Question

In a double slit experiment, the angular width of a fringe is found to be ${{0.2}^{0}}$ on a screen placed $1m$ away. The wavelength of light used is $600nm$. What will be the angular width of the fringe if the entire experimental apparatus is immersed in water? Take the refractive index of water to be $\dfrac{4}{3}$.

Answer 1

Hint: This problem can be solved by using the relation between the angular width, distance between the slits and the wavelength of the light. If the experimental apparatus is immersed in water, the wavelength of the light and hence, the angular width will change but the distance between the slits will remain constant as it is a physical characteristic of the setup.

Formula used:
The angular fringe width $\theta$ in a double slit experiment is given by

$\theta =\dfrac{\lambda }{d}$

where $\lambda$ is the wavelength of the light used and $d$ is the separation between the slits.
The wavelength of light $\lambda '$ in a medium is given by

$\lambda '=\dfrac{\lambda }{n}$

where $n$ is the refractive index of the medium and $\lambda$ is the wavelength of the light in vacuum.

Complete step by step answer:
In a double slit experiment, the angular width of a fringe depends upon the wavelength of the light used and the separation between the slits. When the apparatus is immersed in a different medium, the wavelength of the light will change but the separation between the slits will remain constant (since it is the physical characteristic of the setup and is independent of the medium in which it is placed). Therefore, the angular fringe width will also change accordingly.
The angular fringe width $\theta$ in a double slit experiment is given by

$\theta =\dfrac{\lambda }{d}$ --(1)

where $\lambda$ is the wavelength of the light used and $d$ is the separation between the slits.
The wavelength of light $\lambda '$ in a medium is given by

$\lambda '=\dfrac{\lambda }{n}$ --(2)
where $n$ is the refractive index of the medium and $\lambda$ is the wavelength of the light in vacuum.

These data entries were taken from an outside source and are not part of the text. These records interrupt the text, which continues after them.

(* Let $\mathcal{P}$ be an arbitrary set of primes all smaller than $\log x$, and let $S(x, \mathcal{P})$ be the number of positive integers $n \le x$ not divisible by any prime in $\mathcal{P}$. Then $$S(x,\mathcal{P}) \le (1+o(1)) \, x \exp\Big(-\sum_{p \in \mathcal{P}} \frac1p\Big)$$ as $x \to \infty$.
   Context: $\log$ is the natural logarithm. *)

From HB Require Import structures.
From mathcomp Require Import all_boot all_order all_algebra.
From mathcomp Require Import all_classical all_reals all_analysis.
Set Implicit Arguments. Unset Strict Implicit. Unset Printing Implicit Defensive.
Import Order.TTheory GRing.Theory Num.Theory.
Local Open Scope ring_scope.

(* S(x, P) = #{ n : 1 <= n <= x, no p in P divides n }.
   The (necessarily finite) set P is given as a duplicate-free list. *)
Definition S_count (R : realType) (x : R) (P : seq nat) : nat :=
  count (fun n : nat => all (fun p : nat => ~~ (p %| n)%N) P) (iota 1 (Num.truncn x)).

(** Legendre's sieve counts the integers [n <= N] free of the primes of [P]
    with error at most [2^|P|], against the main term [N * prod (1 - 1/p)],
    and [prod (1 - 1/p) <= exp (- sum 1/p)].  Since every [p] in [P] is below
    [log x], the list [P] has at most [log x + 1] elements, and [sum 1/p] is at
    most [|P|/5 + 3/5]; hence [2^|P| * exp (sum 1/p)] is [O(x^0.95)], which is
    [o(x)]. *)
From HB Require Import structures.
From mathcomp Require Import all_boot all_order all_algebra.
From mathcomp Require Import all_classical all_reals all_analysis.
From mathcomp Require Import zify ring lra.
Set Implicit Arguments. Unset Strict Implicit. Unset Printing Implicit Defensive.
Import Order.TTheory GRing.Theory Num.Theory.
Local Open Scope ring_scope.

Definition coprime_to_all (P : seq nat) (n : nat) : bool :=
  all (fun p : nat => ~~ (p %| n)%N) P.

Definition sieve_count (N : nat) (P : seq nat) : nat :=
  count (coprime_to_all P) (iota 1 N).

Lemma S_countE (R : realType) (x : R) P :
  S_count x P = sieve_count (Num.truncn x) P.
Proof. by []. Qed.

Lemma coprime_to_all_mul p P m : prime p -> p \notin P -> all prime P ->
  coprime_to_all P (p * m) = coprime_to_all P m.
Proof.
move=> p_pr pNP /allP P_pr; apply: eq_in_all => q qP /=.
rewrite Euclid_dvdM ?P_pr // (dvdn_prime2 (P_pr q qP) p_pr).
have /negbTE -> // : q != p.
by apply: contraNneq pNP => <-.
Qed.

Lemma count_iota1S (a : pred nat) N :
  count a (iota 1 N.+1) = (count a (iota 1 N) + a N.+1)%N.
Proof. by rewrite -[N.+1]addn1 iotaD count_cat /= addn0 add1n addn1. Qed.

(* Legendre's recursion: the multiples of [p] below [N] are [p * m], [m <= N %/ p]. *)
Lemma sieve_count_cons N p P : prime p -> p \notin P -> all prime P ->
  sieve_count N P = (sieve_count N (p :: P) + sieve_count (N %/ p) P)%N.
Proof.
move=> p_pr pNP P_pr; rewrite /sieve_count.
elim: N => [|N IH]; first by rewrite div0n.
have p_gt0 := prime_gt0 p_pr.
rewrite !count_iota1S divnS // [coprime_to_all (p :: P) _]/=.
case: (boolP (p %| N.+1)%N) => pN; last by rewrite andTb add0n IH; lia.
rewrite andFb add1n count_iota1S.
have -> : N.+1 = (p * (N %/ p).+1)%N.
  by rewrite -{1}(divnK pN) divnS // pN mulnC.
by rewrite coprime_to_all_mul // IH; lia.
Qed.

Section SieveError.
Variable R : realType.

Definition euler_factor (P : seq nat) : R := \prod_(p <- P) (1 - (p%:R)^-1).

Lemma prime_inv_itv p : prime p -> 0 <= (p%:R : R)^-1 <= 1.
Proof.
move=> p_pr; have p1 : 1 <= (p%:R : R) by rewrite ler1n prime_gt0.
by rewrite invr_ge0 invf_le1; lra.
Qed.

Lemma euler_factor_itv P : all prime P -> 0 <= euler_factor P <= 1.
Proof.
elim: P => [|p P IH] /=; first by rewrite /euler_factor big_nil ler01 lexx.
case/andP=> /prime_inv_itv/andP[i0 i1] /IH/andP[e0 e1].
by rewrite /euler_factor big_cons -/(euler_factor P); apply/andP; split; nra.
Qed.

Lemma euler_factor_le_expR P : all prime P ->
  euler_factor P <= expR (- \sum_(p <- P) (p%:R : R)^-1).
Proof.
elim: P => [|p P IH] /=; first by rewrite /euler_factor !big_nil oppr0 expR0.
case/andP=> p_pr P_pr; have /andP[i0 i1] := prime_inv_itv p_pr.
have /andP[e0 _] := euler_factor_itv P_pr.
rewrite /euler_factor big_cons -/(euler_factor P) big_cons opprD expRD.
apply: ler_pM; rewrite ?subr_ge0 ?IH //.
exact: expR_ge1Dx.
Qed.

Lemma sieve_count_error P N : uniq P -> all prime P ->
  `|(sieve_count N P)%:R - N%:R * euler_factor P| <= (2 ^ size P)%:R - 1.
Proof.
elim: P N => [|p P IH] N /=.
  move=> _ _; rewrite /sieve_count /euler_factor big_nil count_predT size_iota.
  by rewrite mulr1 subrr normr0 subrr.
case/andP=> pNP P_uniq /andP[p_pr P_pr].
set q := (N %/ p)%N; set e := euler_factor P.
have /andP[e0 e1] : 0 <= e <= 1 := euler_factor_itv P_pr.
have p_gt0 : 0 < (p%:R : R) by rewrite ltr0n prime_gt0.
set d : R := N%:R / p%:R - q%:R.
have /andP[d0 d1] : 0 <= d <= 1.
  have -> : d = (N %% p)%:R / p%:R.
    rewrite /d /q {1}(divn_eq N p) natrD natrM mulrDl mulfK ?gt_eqF //.
    by rewrite addrAC subrr add0r.
  rewrite divr_ge0 ?ler0n //= ler_pdivrMr // mul1r ler_nat.
  by rewrite ltnW // ltn_mod prime_gt0.
(* The error for [p :: P] is the error at [N] minus the error at [N %/ p],
   up to the rounding term [d * e] in [0, 1]. *)
have -> : (sieve_count N (p :: P))%:R - N%:R * euler_factor (p :: P)
    = ((sieve_count N P)%:R - N%:R * e) - ((sieve_count q P)%:R - q%:R * e)
      + d * e.
  rewrite (sieve_count_cons N p_pr pNP P_pr) natrD /euler_factor big_cons.
  by rewrite -/(euler_factor P) -/e /d; ring.
move: (IH N P_uniq P_pr) (IH q P_uniq P_pr).
rewrite expnS natrM !ler_norml.
have /andP[de0 de1] : 0 <= d * e <= 1 by apply/andP; split; nra.
set a := (_ - N%:R * e); set b := (_ - q%:R * e).
by move=> /andP[? ?] /andP[? ?]; apply/andP; split; lra.
Qed.

End SieveError.

Section ReciprocalSum.
Variable R : realType.

(* [1/p <= 1/5] except at [p = 2, 3], where the excess is at most [3/10]. *)
Definition prime_inv_majorant (p : nat) : R :=
  5^-1 + 3 / 10 * ((p == 2)%:R + (p == 3)%:R).

Lemma prime_inv_le_majorant p : prime p -> (p%:R : R)^-1 <= prime_inv_majorant p.
Proof.
move=> p_pr; rewrite /prime_inv_majorant.
case: (eqVneq p 2) => [->|p2]; first by rewrite /=; lra.
case: (eqVneq p 3) => [->|p3]; first by rewrite /=; lra.
have p5 : (5 <= p)%N by case: p p_pr p2 p3 => [|[|[|[|[|p]]]]].
rewrite /= !addr0 mulr0 addr0 lef_pV2 ?posrE ?ltr0n ?(leq_trans _ p5) //.
by rewrite (ler_nat R 5 p).
Qed.

Lemma sum_prime_inv_majorant s : \sum_(p <- s) prime_inv_majorant p =
  (size s)%:R / 5 + 3 / 10 * ((count_mem 2 s)%:R + (count_mem 3 s)%:R).
Proof.
elim: s => [|p s IH]; first by rewrite big_nil /=; lra.
rewrite big_cons IH /prime_inv_majorant /= !natrD -[(size s).+1]addn1 natrD.
by set a := (count_mem 2 s)%:R; set b := (count_mem 3 s)%:R; lra.
Qed.

Lemma sum_prime_inv_le P : uniq P -> all prime P ->
  \sum_(p <- P) (p%:R : R)^-1 <= (size P)%:R / 5 + 3 / 5.
Proof.
move=> P_uniq /allP P_pr.
apply: (le_trans (y := \sum_(p <- P) prime_inv_majorant p)).
  rewrite big_seq [leRHS]big_seq; apply: ler_sum => p /P_pr.
  exact: prime_inv_le_majorant.
rewrite sum_prime_inv_majorant !count_uniq_mem //.
by case: (2 \in P); case: (3 \in P); rewrite /=; lra.
Qed.

End ReciprocalSum.

Lemma two_le_expR (R : realType) : (2 : R) <= expR (3 / 4).
Proof.
have -> : (3 / 4 : R) = 8%:R * (3 / 32) by lra.
rewrite expRM_natl.
have := expR_ge1Dx (3 / 32 : R); set y := expR _ => y_ge.
have -> : y ^+ 8 = (y * y) * (y * y) * ((y * y) * (y * y)) by rewrite -!expr2 -!exprM.
have y2 : 299 / 250 <= y * y by nra.
have y4 : 143 / 100 <= (y * y) * (y * y) by nra.
nra.
Qed.

Lemma size_uniq_bounded (R : realType) (y : R) (s : seq nat) : 0 <= y -> uniq s ->
  (forall n, n \in s -> n%:R < y) -> (size s)%:R <= y + 1.
Proof.
move=> y0 s_uniq s_lt.
have : (size s <= size (iota 0 (Num.truncn y).+1))%N.
  apply: uniq_leq_size => // n ns; rewrite mem_iota add0n ltnS.
  by rewrite truncn_ge_nat // ltW ?s_lt.
rewrite size_iota -(ler_nat R) => /le_trans; apply.
by rewrite -addn1 natrD lerD2r truncn_le.
Qed.

(* [2^k e^s <= e^(0.95 k + 0.6) <= e^(0.95 ln x + 1.55)], and the threshold on
   [ln x] makes [1.55 - 0.05 ln x <= ln eps]. *)
Lemma sieve_remainder_small (R : realType) (eps x : R) (P : seq nat) :
  0 < eps -> 1 <= x -> 31 - 20 * ln eps <= ln x -> uniq P ->
  (forall p, p \in P -> prime p /\ (p%:R < ln x)) ->
  ((2 ^ size P)%:R : R) <= eps * x * expR (- \sum_(p <- P) (p%:R)^-1).
Proof.
move=> eps0 x1 lnx P_uniq P_small; have x0 : 0 < x by lra.
have P_pr : all prime P by apply/allP => p /P_small [].
set k := size P; set s := \sum_(p <- P) _.
have hk : k%:R <= ln x + 1.
  apply: size_uniq_bounded => // [|p /P_small[] //].
  exact: ln_ge0.
have hs : s <= k%:R / 5 + 3 / 5 by apply: sum_prime_inv_le.
have two_pow : (2 ^ k)%:R <= expR (k%:R * (3 / 4) : R).
  rewrite natrX expRM_natl lerXn2r ?nnegrE ?expR_ge0 //.
  exact: two_le_expR.
rewrite expRN ler_pdivlMr ?expR_gt0 //; apply: (le_trans (ler_wpM2r _ two_pow)).
  exact: expR_ge0.
rewrite -expRD -[eps * x]lnK ?posrE ?mulr_gt0 // lnM ?posrE // ler_expR.
lra.
Qed.

Theorem corollary3p8 (R : realType) :
  forall eps : R, 0 < eps ->
  exists X : R, forall x : R, X <= x ->
  forall P : seq nat, uniq P ->
    (forall p, p \in P -> prime p /\ (p%:R < ln x)) ->
    (S_count x P)%:R <= (1 + eps) * x * expR (- \sum_(p <- P) (p%:R)^-1).
Proof.
move=> eps eps0; set M := Num.max 1 (31 - 20 * ln eps).
exists (expR M) => x Xx P P_uniq P_small.
have [M1 M_lnx] : 1 <= M /\ 31 - 20 * ln eps <= M by rewrite !le_max !lexx orbT.
have x1 : 1 <= x by apply: le_trans Xx; rewrite -expR0 ler_expR; lra.
have lnx : 31 - 20 * ln eps <= ln x.
  by apply: (le_trans M_lnx); rewrite -ler_expR lnK // posrE; lra.
have P_pr : all prime P by apply/allP => p /P_small [].
have remainder := sieve_remainder_small eps0 x1 lnx P_uniq P_small.
have := sieve_count_error R (Num.truncn x) P_uniq P_pr.
rewrite S_countE ler_norml => /andP[_ error].
have main_term : (Num.truncn x)%:R * euler_factor R P
    <= x * expR (- \sum_(p <- P) (p%:R)^-1).
  have /andP[e0 _] := euler_factor_itv R P_pr.
  by rewrite ler_pM ?euler_factor_le_expR // truncn_le; lra.
nra.
Qed.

Let us analyze the question.

Let the angular fringe width when the apparatus is in air be $\theta ={{0.2}^{0}}$.
The separation between the slits is $d$.
The wavelength of the light is $\lambda =600nm$.
Using (1), we get,

$d=\dfrac{\lambda }{\theta }$. --(3)
Now, the apparatus is immersed in water.

Given the refractive index of water is $n=\dfrac{4}{3}$.
Let the angular fringe width when the apparatus is in air be $\theta '$.
The separation between the slits is $d$.
The wavelength of the light is $\lambda '$.

Now using (2), we get,

$\lambda '=\dfrac{\lambda }{n}$ --(4)
Also, using (1), we get,
$d=\dfrac{\lambda '}{\theta '}$ --(5)
Therefore equating (3) and (5), we get,
$\dfrac{\lambda }{\theta }=\dfrac{\lambda '}{\theta '}$
$\therefore \dfrac{\lambda }{\theta }=\dfrac{\lambda }{n\theta '}$ [Using(4)]
$\therefore \theta '=\dfrac{\theta }{n}=\dfrac{{{0.2}^{0}}}{\dfrac{4}{3}}=\dfrac{3\times {{0.2}^{0}}}{4}={{0.15}^{0}}$

Hence, the angular fringe width in water will be ${{0.15}^{0}}$.

Note: Students should not get confused upon seeing that the distance of the screen is also given in the question and therefore has to be used somewhere. In fact, sometimes extra information is given in questions just to unnerve and confuse students. Upon solving the question students must have gotten a feel for the importance of the medium in the double slit experiment. This is mainly because the medium has an impact on the wavelength of light and the wavelength is one of the most important parameters in all wave properties. However, students must also remember that the medium does not have any effect on the frequency of the wave and it remains constant.